### Exercise objective
Beginning with the line that holds "[/eqP s2 _ _]." in the data below, give again every line through the one that holds "root_arities c N])", exactly as written.
================================
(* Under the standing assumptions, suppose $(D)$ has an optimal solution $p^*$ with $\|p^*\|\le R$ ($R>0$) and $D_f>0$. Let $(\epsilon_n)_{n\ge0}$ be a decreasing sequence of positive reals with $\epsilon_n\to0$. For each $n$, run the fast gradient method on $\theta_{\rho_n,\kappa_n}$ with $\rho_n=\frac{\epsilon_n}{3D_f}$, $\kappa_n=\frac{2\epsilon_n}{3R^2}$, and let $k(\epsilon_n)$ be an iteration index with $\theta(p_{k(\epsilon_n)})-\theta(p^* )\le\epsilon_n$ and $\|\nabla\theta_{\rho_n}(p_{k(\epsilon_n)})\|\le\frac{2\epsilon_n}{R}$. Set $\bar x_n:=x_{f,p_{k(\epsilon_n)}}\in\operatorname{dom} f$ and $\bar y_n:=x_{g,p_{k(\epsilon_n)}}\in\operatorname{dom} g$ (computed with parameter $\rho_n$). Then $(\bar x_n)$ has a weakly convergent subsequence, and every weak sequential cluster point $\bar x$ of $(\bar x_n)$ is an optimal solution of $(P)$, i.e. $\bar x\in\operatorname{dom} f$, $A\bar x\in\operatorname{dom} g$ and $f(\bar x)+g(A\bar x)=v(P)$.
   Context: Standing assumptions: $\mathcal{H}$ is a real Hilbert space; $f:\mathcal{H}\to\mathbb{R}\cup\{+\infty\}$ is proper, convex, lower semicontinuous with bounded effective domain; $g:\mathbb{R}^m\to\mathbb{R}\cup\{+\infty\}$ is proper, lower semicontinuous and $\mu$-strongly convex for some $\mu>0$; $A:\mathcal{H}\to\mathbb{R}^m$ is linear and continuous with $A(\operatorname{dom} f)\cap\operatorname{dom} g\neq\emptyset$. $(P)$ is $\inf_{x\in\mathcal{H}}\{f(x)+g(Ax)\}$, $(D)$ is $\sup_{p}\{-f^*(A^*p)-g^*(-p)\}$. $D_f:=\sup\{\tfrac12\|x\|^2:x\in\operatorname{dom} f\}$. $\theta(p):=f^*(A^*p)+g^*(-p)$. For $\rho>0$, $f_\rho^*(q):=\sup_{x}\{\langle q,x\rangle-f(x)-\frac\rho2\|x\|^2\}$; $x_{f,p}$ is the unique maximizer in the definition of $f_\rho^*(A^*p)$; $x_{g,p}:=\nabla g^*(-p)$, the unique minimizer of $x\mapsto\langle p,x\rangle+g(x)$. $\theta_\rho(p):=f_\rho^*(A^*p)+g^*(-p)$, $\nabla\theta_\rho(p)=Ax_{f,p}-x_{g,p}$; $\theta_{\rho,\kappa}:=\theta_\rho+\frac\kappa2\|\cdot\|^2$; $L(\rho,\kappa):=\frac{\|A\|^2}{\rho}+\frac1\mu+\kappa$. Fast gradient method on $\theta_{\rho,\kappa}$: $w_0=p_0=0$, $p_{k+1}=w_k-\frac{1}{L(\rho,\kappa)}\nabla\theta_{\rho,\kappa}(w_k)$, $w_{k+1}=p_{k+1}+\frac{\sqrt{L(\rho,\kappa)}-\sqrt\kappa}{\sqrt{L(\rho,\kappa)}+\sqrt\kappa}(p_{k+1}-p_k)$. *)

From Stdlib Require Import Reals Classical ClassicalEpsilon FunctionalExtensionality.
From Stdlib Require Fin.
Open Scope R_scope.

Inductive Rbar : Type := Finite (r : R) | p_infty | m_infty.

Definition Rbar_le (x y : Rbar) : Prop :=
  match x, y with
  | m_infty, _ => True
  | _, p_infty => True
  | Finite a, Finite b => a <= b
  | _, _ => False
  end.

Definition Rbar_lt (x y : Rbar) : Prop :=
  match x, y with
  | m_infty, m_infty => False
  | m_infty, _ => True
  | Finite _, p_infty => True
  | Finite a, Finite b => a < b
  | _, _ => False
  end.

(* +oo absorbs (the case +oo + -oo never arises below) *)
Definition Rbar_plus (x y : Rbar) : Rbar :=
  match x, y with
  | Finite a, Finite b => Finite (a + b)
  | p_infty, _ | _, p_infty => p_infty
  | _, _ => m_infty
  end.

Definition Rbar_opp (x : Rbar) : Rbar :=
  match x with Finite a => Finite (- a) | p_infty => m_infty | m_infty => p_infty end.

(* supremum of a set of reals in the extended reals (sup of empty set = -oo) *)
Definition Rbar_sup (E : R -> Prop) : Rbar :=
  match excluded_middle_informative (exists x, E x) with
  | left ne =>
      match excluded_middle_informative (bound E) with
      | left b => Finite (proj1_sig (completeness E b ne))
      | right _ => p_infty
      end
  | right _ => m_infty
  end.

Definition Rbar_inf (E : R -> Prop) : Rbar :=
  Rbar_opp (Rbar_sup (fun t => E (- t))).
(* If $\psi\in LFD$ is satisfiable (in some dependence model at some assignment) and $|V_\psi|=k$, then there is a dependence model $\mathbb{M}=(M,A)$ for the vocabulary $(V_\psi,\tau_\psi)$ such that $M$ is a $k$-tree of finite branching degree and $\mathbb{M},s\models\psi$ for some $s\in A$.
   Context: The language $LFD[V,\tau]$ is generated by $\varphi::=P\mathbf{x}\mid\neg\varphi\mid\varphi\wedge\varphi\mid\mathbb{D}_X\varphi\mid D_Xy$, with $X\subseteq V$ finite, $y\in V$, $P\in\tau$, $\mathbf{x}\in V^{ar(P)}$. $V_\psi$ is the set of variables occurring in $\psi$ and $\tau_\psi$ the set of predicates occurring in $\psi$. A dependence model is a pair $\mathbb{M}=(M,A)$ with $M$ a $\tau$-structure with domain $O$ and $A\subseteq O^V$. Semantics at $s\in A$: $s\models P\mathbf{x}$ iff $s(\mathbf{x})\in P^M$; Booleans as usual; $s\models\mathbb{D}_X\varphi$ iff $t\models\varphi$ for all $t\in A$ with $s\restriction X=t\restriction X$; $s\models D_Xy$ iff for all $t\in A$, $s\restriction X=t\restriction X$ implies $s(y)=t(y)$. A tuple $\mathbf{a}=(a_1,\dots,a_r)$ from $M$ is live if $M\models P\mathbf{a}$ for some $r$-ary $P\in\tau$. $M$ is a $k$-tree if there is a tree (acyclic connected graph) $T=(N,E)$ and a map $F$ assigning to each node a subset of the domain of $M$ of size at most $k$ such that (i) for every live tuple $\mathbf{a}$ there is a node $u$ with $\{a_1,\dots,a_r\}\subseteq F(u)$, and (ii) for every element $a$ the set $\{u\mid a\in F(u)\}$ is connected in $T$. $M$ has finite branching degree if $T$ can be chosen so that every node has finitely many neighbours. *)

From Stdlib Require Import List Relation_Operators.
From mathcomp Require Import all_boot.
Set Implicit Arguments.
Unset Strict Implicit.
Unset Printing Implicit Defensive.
================================
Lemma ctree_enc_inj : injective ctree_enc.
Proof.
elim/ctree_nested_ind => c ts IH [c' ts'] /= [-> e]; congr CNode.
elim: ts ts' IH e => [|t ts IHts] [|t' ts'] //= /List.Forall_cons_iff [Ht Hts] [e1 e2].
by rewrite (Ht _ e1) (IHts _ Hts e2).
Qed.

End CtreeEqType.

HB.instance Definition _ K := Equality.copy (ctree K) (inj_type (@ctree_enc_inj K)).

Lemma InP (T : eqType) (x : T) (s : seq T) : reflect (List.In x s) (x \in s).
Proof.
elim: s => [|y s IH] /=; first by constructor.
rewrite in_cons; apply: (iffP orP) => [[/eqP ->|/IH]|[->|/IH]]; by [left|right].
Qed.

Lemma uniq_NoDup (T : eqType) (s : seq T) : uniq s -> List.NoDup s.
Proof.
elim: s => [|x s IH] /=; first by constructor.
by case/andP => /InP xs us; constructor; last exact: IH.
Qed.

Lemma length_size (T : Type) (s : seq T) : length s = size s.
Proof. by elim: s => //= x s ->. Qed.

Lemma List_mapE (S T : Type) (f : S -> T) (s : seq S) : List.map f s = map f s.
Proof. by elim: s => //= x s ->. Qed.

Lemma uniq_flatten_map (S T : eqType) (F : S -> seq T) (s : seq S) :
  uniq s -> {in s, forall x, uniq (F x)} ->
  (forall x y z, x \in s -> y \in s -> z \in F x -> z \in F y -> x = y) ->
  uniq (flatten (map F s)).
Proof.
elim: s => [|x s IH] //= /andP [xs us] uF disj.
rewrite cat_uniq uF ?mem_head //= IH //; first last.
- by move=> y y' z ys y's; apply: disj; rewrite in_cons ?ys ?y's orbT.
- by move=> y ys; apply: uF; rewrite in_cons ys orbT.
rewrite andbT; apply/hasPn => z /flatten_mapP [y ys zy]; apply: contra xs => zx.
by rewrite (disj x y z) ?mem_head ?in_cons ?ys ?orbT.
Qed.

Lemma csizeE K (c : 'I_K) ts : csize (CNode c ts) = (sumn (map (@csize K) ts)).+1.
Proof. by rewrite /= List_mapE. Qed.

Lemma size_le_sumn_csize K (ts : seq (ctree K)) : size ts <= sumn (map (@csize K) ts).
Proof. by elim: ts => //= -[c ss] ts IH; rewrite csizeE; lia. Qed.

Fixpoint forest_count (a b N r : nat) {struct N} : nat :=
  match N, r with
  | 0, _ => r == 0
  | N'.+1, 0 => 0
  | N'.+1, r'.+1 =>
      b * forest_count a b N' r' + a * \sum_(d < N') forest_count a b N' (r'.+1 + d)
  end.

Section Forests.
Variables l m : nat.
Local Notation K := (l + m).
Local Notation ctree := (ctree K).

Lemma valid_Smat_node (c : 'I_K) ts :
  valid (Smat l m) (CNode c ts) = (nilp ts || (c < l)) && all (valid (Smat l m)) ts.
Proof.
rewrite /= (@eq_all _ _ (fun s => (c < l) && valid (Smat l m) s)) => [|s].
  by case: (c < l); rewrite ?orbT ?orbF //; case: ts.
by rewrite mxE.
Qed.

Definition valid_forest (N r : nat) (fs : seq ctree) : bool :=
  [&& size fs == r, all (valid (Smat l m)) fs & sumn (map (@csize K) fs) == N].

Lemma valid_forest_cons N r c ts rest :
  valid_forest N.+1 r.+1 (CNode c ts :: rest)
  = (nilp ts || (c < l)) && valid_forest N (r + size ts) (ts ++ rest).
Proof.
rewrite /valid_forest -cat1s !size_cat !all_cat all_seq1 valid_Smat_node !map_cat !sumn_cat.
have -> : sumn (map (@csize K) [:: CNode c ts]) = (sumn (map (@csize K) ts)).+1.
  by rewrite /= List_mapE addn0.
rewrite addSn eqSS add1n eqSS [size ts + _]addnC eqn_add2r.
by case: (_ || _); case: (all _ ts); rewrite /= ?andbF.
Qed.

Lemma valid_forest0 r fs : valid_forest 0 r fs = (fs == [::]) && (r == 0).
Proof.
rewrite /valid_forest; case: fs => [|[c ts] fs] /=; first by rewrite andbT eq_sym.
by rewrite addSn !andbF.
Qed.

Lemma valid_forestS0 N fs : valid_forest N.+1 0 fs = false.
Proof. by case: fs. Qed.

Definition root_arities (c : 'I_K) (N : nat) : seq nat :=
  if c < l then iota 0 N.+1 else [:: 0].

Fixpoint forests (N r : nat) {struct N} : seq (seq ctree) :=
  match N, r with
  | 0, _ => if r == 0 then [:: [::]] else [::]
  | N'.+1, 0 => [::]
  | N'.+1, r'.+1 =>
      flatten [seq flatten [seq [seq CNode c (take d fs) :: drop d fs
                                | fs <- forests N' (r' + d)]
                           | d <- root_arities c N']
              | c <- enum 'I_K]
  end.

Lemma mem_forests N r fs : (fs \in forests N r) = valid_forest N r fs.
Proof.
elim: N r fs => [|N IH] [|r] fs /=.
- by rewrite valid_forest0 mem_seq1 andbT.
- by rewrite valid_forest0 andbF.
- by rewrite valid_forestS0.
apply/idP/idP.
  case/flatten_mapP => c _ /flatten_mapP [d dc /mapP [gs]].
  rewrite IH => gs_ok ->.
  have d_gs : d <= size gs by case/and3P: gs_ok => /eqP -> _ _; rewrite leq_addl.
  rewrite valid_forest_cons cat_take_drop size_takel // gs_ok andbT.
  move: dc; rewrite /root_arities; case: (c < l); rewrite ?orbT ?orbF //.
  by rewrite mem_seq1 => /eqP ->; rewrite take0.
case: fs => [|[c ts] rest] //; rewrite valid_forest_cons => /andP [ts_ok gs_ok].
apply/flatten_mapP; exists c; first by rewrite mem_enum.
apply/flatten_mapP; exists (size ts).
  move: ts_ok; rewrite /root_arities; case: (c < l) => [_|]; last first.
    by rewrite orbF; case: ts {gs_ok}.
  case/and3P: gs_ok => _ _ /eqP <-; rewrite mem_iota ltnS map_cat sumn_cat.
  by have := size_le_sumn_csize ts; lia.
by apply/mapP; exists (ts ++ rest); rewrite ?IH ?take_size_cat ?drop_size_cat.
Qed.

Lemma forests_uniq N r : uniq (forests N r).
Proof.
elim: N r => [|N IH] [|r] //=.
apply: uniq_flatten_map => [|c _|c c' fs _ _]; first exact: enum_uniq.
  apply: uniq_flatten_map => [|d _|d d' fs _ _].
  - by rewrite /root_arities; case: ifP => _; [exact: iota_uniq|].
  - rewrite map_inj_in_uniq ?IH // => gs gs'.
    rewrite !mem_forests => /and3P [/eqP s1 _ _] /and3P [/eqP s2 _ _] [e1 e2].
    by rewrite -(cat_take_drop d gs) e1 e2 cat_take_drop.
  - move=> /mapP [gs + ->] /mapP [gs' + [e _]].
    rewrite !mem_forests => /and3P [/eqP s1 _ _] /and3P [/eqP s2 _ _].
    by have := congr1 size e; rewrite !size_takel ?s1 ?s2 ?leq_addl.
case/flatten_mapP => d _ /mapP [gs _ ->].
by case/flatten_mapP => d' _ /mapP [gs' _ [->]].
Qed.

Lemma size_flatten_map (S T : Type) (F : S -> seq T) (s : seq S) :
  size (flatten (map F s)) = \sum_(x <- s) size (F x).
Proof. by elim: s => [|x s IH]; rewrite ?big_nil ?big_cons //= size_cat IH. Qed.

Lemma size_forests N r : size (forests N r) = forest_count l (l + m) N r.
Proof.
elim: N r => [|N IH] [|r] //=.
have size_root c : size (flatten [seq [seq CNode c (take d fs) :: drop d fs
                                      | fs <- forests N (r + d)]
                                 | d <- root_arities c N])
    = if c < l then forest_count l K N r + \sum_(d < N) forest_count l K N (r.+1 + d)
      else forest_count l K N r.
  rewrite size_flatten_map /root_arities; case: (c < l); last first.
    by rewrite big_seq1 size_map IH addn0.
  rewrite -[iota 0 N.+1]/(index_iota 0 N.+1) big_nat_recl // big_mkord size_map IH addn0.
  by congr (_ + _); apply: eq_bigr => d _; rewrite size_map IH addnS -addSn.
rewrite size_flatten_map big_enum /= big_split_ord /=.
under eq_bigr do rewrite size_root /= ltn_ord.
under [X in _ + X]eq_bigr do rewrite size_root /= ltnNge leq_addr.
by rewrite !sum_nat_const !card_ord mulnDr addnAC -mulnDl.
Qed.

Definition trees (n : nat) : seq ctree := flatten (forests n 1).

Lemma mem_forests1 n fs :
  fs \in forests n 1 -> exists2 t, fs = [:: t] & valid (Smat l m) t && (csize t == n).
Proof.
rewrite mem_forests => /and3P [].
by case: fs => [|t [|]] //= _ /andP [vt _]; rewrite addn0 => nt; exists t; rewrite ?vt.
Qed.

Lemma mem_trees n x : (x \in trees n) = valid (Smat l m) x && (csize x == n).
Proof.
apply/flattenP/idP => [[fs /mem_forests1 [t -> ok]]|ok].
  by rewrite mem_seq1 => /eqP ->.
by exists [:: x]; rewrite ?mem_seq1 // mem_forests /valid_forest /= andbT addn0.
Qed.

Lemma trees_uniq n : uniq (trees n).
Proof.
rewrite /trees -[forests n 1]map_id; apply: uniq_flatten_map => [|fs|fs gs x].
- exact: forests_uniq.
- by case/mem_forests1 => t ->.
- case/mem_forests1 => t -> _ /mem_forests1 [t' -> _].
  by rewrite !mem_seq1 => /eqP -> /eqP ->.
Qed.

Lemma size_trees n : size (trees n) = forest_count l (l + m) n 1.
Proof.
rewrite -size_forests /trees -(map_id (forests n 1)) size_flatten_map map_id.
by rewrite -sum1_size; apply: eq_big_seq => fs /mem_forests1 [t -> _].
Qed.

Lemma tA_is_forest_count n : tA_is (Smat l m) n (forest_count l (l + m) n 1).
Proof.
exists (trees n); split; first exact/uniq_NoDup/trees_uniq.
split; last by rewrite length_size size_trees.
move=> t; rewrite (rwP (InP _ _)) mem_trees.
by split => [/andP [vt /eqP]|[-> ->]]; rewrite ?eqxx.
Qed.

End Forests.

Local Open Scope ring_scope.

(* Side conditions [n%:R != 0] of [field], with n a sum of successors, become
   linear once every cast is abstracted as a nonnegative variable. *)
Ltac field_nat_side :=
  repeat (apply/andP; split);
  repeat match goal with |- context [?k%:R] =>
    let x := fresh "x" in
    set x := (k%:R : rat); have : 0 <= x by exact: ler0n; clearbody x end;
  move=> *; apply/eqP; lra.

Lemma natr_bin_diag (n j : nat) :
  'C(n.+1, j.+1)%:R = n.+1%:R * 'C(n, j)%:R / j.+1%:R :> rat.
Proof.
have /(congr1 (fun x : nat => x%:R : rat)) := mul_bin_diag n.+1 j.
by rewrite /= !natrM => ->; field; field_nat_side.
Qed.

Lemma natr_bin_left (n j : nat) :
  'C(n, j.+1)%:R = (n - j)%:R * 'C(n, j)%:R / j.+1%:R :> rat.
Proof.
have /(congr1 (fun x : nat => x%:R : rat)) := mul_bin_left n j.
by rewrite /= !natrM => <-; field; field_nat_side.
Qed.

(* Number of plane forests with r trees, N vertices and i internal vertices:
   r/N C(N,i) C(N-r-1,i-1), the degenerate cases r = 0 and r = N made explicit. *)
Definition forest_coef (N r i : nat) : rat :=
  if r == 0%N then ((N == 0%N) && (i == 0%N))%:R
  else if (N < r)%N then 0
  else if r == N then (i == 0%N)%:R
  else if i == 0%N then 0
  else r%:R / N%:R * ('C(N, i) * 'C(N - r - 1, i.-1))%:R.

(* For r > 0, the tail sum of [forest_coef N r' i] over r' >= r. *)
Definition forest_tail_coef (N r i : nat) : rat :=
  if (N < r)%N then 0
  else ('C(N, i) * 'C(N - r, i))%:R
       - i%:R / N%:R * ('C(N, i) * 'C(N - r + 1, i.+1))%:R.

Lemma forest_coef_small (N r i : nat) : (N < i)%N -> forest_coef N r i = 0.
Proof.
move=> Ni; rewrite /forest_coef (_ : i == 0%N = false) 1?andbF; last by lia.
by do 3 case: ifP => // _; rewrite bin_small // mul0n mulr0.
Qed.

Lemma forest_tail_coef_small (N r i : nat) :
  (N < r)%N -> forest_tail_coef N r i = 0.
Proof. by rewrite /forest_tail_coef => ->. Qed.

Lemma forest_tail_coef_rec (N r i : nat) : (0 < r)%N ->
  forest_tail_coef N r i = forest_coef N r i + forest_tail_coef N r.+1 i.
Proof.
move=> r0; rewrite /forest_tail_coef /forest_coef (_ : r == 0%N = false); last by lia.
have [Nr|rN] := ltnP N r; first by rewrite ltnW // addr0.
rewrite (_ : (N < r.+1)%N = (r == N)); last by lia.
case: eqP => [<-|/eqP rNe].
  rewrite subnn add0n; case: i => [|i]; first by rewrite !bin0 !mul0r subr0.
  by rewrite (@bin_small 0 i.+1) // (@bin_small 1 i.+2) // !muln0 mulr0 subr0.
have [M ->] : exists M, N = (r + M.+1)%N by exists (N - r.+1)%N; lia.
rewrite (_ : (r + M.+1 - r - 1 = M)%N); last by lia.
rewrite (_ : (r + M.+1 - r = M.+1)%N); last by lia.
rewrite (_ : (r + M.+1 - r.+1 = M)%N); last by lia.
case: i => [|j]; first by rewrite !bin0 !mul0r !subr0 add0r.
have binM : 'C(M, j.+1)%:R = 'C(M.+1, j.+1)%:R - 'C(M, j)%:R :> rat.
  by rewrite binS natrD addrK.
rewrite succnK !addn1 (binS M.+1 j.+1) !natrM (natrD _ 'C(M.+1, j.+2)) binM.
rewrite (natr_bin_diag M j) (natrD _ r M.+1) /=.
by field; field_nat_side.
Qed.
================================
### Reply to the task
    rewrite !mem_forests => /and3P [/eqP s1 _ _] /and3P [/eqP s2 _ _].
    by have := congr1 size e; rewrite !size_takel ?s1 ?s2 ?leq_addl.
case/flatten_mapP => d _ /mapP [gs _ ->].
by case/flatten_mapP => d' _ /mapP [gs' _ [->]].
Qed.

Lemma size_flatten_map (S T : Type) (F : S -> seq T) (s : seq S) :
  size (flatten (map F s)) = \sum_(x <- s) size (F x).
Proof. by elim: s => [|x s IH]; rewrite ?big_nil ?big_cons //= size_cat IH. Qed.

Lemma size_forests N r : size (forests N r) = forest_count l (l + m) N r.
Proof.
elim: N r => [|N IH] [|r] //=.
have size_root c : size (flatten [seq [seq CNode c (take d fs) :: drop d fs
                                      | fs <- forests N (r + d)]
                                 | d <- root_arities c N])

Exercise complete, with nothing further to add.